**Assigned task**
The line containing "have ct : c" marks the end: output every line of the data up to it, and that line too, exactly as written.

────────────────

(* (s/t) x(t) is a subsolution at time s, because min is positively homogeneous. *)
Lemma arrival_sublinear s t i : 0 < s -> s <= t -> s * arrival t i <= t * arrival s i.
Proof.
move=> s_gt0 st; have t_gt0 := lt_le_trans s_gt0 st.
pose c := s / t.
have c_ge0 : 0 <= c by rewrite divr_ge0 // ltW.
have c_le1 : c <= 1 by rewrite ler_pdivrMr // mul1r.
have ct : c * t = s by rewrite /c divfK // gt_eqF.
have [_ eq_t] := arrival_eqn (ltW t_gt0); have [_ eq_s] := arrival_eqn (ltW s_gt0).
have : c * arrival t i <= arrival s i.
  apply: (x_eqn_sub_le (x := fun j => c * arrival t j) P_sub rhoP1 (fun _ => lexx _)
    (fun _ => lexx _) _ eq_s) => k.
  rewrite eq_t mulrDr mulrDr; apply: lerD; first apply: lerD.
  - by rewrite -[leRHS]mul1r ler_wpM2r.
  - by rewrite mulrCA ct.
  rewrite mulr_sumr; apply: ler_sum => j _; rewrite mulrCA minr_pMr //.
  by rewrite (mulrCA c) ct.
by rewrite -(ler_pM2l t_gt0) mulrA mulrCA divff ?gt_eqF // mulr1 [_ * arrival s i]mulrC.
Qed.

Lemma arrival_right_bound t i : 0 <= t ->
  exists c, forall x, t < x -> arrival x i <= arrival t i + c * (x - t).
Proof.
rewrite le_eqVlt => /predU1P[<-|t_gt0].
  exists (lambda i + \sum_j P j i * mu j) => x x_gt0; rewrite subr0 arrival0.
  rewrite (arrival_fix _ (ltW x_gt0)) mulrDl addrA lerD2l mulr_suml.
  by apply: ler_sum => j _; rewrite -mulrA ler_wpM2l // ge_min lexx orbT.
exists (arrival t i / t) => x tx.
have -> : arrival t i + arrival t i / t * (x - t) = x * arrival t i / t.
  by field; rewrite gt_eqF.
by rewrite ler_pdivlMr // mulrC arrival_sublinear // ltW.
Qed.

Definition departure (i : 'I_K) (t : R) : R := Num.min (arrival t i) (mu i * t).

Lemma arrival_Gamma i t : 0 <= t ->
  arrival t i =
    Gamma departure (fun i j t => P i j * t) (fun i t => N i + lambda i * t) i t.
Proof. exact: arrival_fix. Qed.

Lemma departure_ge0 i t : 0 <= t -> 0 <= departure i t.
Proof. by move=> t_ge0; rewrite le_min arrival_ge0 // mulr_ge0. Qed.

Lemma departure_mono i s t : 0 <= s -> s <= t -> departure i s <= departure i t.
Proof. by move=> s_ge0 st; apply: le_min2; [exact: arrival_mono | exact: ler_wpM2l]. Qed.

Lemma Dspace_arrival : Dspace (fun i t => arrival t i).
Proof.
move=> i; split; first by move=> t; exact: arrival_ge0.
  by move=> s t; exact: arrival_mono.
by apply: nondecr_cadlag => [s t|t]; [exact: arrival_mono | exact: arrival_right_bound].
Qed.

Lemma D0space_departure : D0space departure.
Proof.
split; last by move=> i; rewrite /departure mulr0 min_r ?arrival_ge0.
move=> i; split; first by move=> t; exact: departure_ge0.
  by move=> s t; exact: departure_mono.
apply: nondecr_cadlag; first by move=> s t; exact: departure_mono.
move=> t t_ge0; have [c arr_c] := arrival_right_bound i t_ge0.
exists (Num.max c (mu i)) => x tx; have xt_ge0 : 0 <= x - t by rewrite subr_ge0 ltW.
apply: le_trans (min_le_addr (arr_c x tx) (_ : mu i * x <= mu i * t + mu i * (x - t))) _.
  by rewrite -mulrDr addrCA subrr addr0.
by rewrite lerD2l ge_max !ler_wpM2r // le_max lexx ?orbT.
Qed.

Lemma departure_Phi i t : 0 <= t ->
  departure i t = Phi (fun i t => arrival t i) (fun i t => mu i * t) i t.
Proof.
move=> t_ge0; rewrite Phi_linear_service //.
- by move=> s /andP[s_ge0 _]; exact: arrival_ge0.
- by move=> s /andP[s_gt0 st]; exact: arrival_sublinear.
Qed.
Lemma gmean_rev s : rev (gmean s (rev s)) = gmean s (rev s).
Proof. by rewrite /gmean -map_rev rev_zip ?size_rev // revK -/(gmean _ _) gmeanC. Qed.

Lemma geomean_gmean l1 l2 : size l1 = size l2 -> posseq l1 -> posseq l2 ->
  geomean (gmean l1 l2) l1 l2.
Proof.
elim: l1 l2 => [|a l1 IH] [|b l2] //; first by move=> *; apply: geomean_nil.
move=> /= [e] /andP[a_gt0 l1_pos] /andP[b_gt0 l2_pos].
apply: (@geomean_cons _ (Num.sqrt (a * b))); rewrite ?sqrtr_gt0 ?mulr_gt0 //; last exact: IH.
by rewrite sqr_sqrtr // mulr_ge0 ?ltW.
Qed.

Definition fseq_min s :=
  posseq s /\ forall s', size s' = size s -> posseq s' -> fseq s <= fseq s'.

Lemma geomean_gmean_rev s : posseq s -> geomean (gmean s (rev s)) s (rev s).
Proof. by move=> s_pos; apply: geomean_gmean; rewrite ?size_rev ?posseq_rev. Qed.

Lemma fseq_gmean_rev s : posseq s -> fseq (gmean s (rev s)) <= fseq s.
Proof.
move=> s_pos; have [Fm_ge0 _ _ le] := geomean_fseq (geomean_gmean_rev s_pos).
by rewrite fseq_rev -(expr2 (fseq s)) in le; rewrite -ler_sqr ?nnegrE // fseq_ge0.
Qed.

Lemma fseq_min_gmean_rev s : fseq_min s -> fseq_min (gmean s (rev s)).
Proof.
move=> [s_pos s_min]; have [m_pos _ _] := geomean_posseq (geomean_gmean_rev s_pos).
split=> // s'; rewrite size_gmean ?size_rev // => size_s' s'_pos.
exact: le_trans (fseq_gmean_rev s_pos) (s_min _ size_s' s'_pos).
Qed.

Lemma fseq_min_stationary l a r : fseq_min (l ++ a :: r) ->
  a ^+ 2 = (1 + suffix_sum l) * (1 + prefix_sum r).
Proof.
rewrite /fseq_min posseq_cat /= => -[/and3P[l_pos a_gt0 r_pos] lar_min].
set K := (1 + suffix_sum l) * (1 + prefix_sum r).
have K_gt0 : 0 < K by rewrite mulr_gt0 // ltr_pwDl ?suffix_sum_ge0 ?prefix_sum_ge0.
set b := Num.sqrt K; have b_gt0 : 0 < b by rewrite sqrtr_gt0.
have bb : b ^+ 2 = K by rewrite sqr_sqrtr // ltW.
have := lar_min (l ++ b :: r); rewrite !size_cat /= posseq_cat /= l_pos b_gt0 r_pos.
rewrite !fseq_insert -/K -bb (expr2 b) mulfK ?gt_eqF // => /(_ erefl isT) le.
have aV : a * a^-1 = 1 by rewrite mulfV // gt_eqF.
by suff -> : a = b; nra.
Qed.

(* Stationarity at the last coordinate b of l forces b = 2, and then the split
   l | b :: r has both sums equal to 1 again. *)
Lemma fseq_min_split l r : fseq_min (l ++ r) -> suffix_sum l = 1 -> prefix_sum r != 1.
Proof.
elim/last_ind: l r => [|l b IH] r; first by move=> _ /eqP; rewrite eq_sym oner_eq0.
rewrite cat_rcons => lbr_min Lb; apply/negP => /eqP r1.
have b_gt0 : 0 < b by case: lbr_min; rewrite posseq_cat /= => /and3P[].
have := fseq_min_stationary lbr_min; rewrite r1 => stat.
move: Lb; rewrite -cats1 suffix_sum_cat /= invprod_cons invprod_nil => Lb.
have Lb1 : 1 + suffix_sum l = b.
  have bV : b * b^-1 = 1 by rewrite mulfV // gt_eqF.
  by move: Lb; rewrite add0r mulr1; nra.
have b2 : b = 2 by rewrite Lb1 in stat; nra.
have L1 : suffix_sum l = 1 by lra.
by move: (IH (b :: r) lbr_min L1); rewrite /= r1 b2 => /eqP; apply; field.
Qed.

────────────────

**Written answer**
(* (s/t) x(t) is a subsolution at time s, because min is positively homogeneous. *)
Lemma arrival_sublinear s t i : 0 < s -> s <= t -> s * arrival t i <= t * arrival s i.
Proof.
move=> s_gt0 st; have t_gt0 := lt_le_trans s_gt0 st.
pose c := s / t.
have c_ge0 : 0 <= c by rewrite divr_ge0 // ltW.
have c_le1 : c <= 1 by rewrite ler_pdivrMr // mul1r.
have ct : c * t = s by rewrite /c divfK // gt_eqF.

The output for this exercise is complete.